II. Identify the stakeholders
  - Who are the users?
  - Who are the affected communities (are these the users)?
  
    ***Hint:*** users are typically decision makers who will use the technology as decision aids (e.g. doctors), whereas affected communities may be folks who are impacted by these decisions but who are not represented in the decision making process (e.g. patients).<br><br>
    
III. What types of harm can this tech do?
  - What kinds of failures can this tech have?
  - What kinds of direct harm can these failures cause?

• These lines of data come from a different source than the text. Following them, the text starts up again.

Lemma sheaf_glue_setU A B (a : G A) (b : G B) : open A -> open B ->
  res G A (A `&` B) a = res G B (A `&` B) b ->
  exists s : G (A `|` B), res G _ A s = a /\ res G _ B s = b.
Proof.
move=> oA oB ab.
have oAB := openI oA oB; have oBA := openI oB oA.
have sBA : B `&` A `<=` A `&` B by move=> y [].
have oC : forall i, open (cover2 A B i) by case.
have [_ glue] := shG (openU oA oB) oC (cover2E A B).
pose ab' i : G (cover2 A B i) := if i as i0 return G (cover2 A B i0) then a else b.
have [s hs] : exists s : G (A `|` B), forall i, res G _ (cover2 A B i) s = ab' i.
  apply: glue; case=> [] [] //=.
  rewrite -(res_comp oA oAB oBA sBA) -?(res_comp oB oAB oBA sBA) ?ab //; by move=> y [].
by exists s; split; [exact: (hs true)|exact: (hs false)].
Qed.

End SheafLemmas.

Lemma local_open_cover (T : topologicalType) (U : set T) (P : set T -> Prop) :
  (forall x, U x -> exists W, open W /\ W x /\ W `<=` U /\ P W) ->
  exists C : {x | U x} -> set T,
    [/\ forall p, open (C p), U = \bigcup_p C p & forall p, P (C p)].
Proof.
move=> loc; pose C p := sval (cid (loc _ (proj2_sig p))).
have hC p : open (C p) /\ sval p \in C p /\ C p `<=` U /\ P (C p).
  by rewrite inE; exact: proj2_sig (cid (loc _ (proj2_sig p))).
exists C; split=> [p||p]; try by case: (hC p) => [? [? [? ?]]].
apply/seteqP; split=> [y Uy|y [p _ /(proj1 (proj2 (proj2 (hC p))))] //].
by exists (exist _ y Uy) => //; case: (hC (exist _ y Uy)) => _ [/set_mem].
Qed.

Section Godement.
Variables (k : fieldType) (T : topologicalType) (F : presheaf k T).

Definition godement_sec (U : set T) : lmodType k :=
  dprod (fun p : {x : T | U x} => stalk F (sval p)).

(* [res] must be defined for all pairs of subsets: sections are extended by zero. *)
Definition godement_res U V (s : godement_sec U) : godement_sec V := fun p =>
  if pselect (U (sval p)) is left Up then s (exist _ (sval p) Up) else 0.
Arguments godement_res : clear implicits.

Lemma godement_res_is_linear U V : linear (godement_res U V).
Proof.
move=> a s t; apply: functional_extensionality_dep => p.
rewrite [RHS](_ : _ = a *: godement_res U V s p + godement_res U V t p) //.
by rewrite /godement_res; case: pselect => [//|nUp]; rewrite scaler0 addr0.
Qed.

HB.instance Definition _ U V := GRing.isLinear.Build k (godement_sec U) (godement_sec V)
  *:%R (godement_res U V) (@godement_res_is_linear U V).

Lemma godement_res_id U (s : godement_sec U) : godement_res U U s = s.
Proof.
apply: functional_extensionality_dep => -[y Uy]; rewrite /godement_res /=.
by case: pselect => // Uy'; rewrite (Prop_irrelevance Uy' Uy).
Qed.

Lemma godement_res_comp U V W (s : godement_sec U) : W `<=` V ->
  godement_res V W (godement_res U V s) = godement_res U W s.
Proof.
move=> sWV; apply: functional_extensionality_dep => -[y Wy]; rewrite /godement_res /=.
by case: pselect => // /(_ (sWV _ Wy)).
Qed.

Definition godement : presheaf k T :=
  @Presheaf k T godement_sec (fun U V => godement_res U V) (fun U _ => @godement_res_id U)
    (fun U V W _ _ _ sWV _ s => godement_res_comp s sWV).

Lemma godement_sheaf : is_sheaf godement.
Proof.
move=> U I C oU oC UC; split=> [s s0|s compat].
  apply: functional_extensionality_dep => -[y Uy].
  have [i _ Ciy] : (\bigcup_i C i) y by rewrite -UC.
  have := congr1 (fun t : godement_sec (C i) => t (exist _ y Ciy)) (s0 i).
  rewrite /= /godement_res /=; case: pselect => // Uy'.
  by rewrite (Prop_irrelevance Uy' Uy).
have pick_index (p : {y | U y}) : {i | C i (sval p)}.
  by apply: cid; case: p => y /=; rewrite {1}UC => -[i _ Ciy]; exists i.
exists (fun p => s _ (exist _ (sval p) (proj2_sig (pick_index p)))) => i.
apply: functional_extensionality_dep => -[y Ciy]; rewrite /= /godement_res /=.
case: pselect => [Uy|]; last by rewrite UC; case; exists i.
case: (pick_index _) => j Cjy /=.
have := congr1 (fun t : godement_sec (C j `&` C i) => t (exist _ y (conj Cjy Ciy))) (compat j i).
rewrite /= /godement_res /=; case: pselect => [Cjy'|//]; case: pselect => [Ciy'|//].
by rewrite (Prop_irrelevance Cjy' Cjy) (Prop_irrelevance Ciy' Ciy).
Qed.

(** The Godement sheaf is flabby, so it is c-soft. *)
Lemma godement_c_soft : locally_weakly_quasi_compact T -> c_soft godement.
Proof.
move=> LW V W _ _ VW U s VU.
exists (godement_res U W s), (U `&` W); split; first exact: relcpt_setI.
by split=> //=; rewrite godement_res_comp // => y [].
Qed.

Definition germ_map U (s : F U) : godement_sec U := fun p =>
  if pselect (open U) is left oU then germ_class (Germ oU (proj2_sig p) s) else 0.

Lemma germ_res_Germ y U (oU : open U) (Uy : U y) (s : F U) W :
  germ_res (Germ oU Uy s) W = res F U W s.
Proof. by []. Qed.

Lemma germ_map_is_linear U : linear (@germ_map U).
Proof.
move=> a s t; apply: functional_extensionality_dep => p.
rewrite [RHS](_ : _ = a *: germ_map s p + germ_map t p) //.
rewrite /germ_map; case: pselect => oU; last by rewrite scaler0 addr0.
rewrite -[a *: germ_class _]/(stalk_scale _ _) stalk_scale_class.
rewrite -[_ + germ_class _]/(stalk_add _ _) stalk_add_class.
apply/germ_class_eq/same_germ_dom => W oW sW.
rewrite germ_res_add // ?germ_res_scale; last by move=> z /sW[].
by rewrite !germ_res_Germ linearP.
Qed.

HB.instance Definition _ U := GRing.isLinear.Build k (F U) (godement_sec U)
  *:%R (@germ_map U) (@germ_map_is_linear U).

Definition germ_morphism : morphism F godement := fun U => @germ_map U.

Lemma germ_morphism_natural : natural germ_morphism.
Proof.
move=> U V oU oV sVU s; apply: functional_extensionality_dep => -[y Vy].
rewrite /= /germ_map /godement_res /=.
case: pselect => // oV'; case: pselect => [Uy|]; last by case; exact: sVU.
case: pselect => // oU'; apply/germ_class_eq/same_germ_dom => W oW sW.
by rewrite !germ_res_Germ res_comp // => z /sW[].
Qed.

Lemma germ_morphism_mono : is_sheaf F -> mono germ_morphism.
Proof.
move=> shF U oU; apply: raddf_inj => s s0.
have loc x : U x -> exists W, open W /\ W x /\ W `<=` U /\ res F U W s = 0.
  move=> Ux; have := congr1 (fun t : godement_sec U => t (exist _ x Ux)) s0.
  rewrite /= /germ_map; case: pselect => // oU' /germ_class_eq [W [oW [Wx [sW s0W]]]].
  exists W; do 3!split=> //; first by move=> y /sW[].
  by rewrite -(@germ_res_zero _ _ F x W); exact: s0W.
have [C [oC UC CP]] := local_open_cover loc.
by apply: (sheaf_eq_cover shF oU oC UC) => p; rewrite CP linear0.
Qed.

  - What kinds of harm can the socio-technical system cause?
  
    ***Hint:*** many technical innovations have niche applications, they may sit in a long chain of decision making in a complex system. As such, it may seem, at first glance, that these technologies have no immediate real-life impact. In these cases, it’s helpful to think about the impact of the entire system and then think about how the proposed innovations aid, hamper or change the goals or outcomes of this system.<br><br>
    
IV. What types of good can this tech do?
  - What kinds of needs do these users/communities have?
  - What kinds of constraints do these users/communities have?
  
1. **(Impact)**  Analyze the broader impact of this model for kidney cancer. Focus on anticipating ways these models can interact with other components of the decision systems in which they will be deployed, identifying end-users, affected communities as well as anticipating the effects (positive and negative) on affected communities (in particular, does the model have the same effect on all subpopulations in the affected communities?). 

  In terms of broader impact, is it more preferable to use a hiearchical model, an MLE model or a Bayesian model with hand-picked priors for this dataset? Previously, we have outlined the advantages of hierarchical models over the other two types of models. Under what circumstances would using a hierarchical model to model the data have potentially negative impact on down-stream decision making?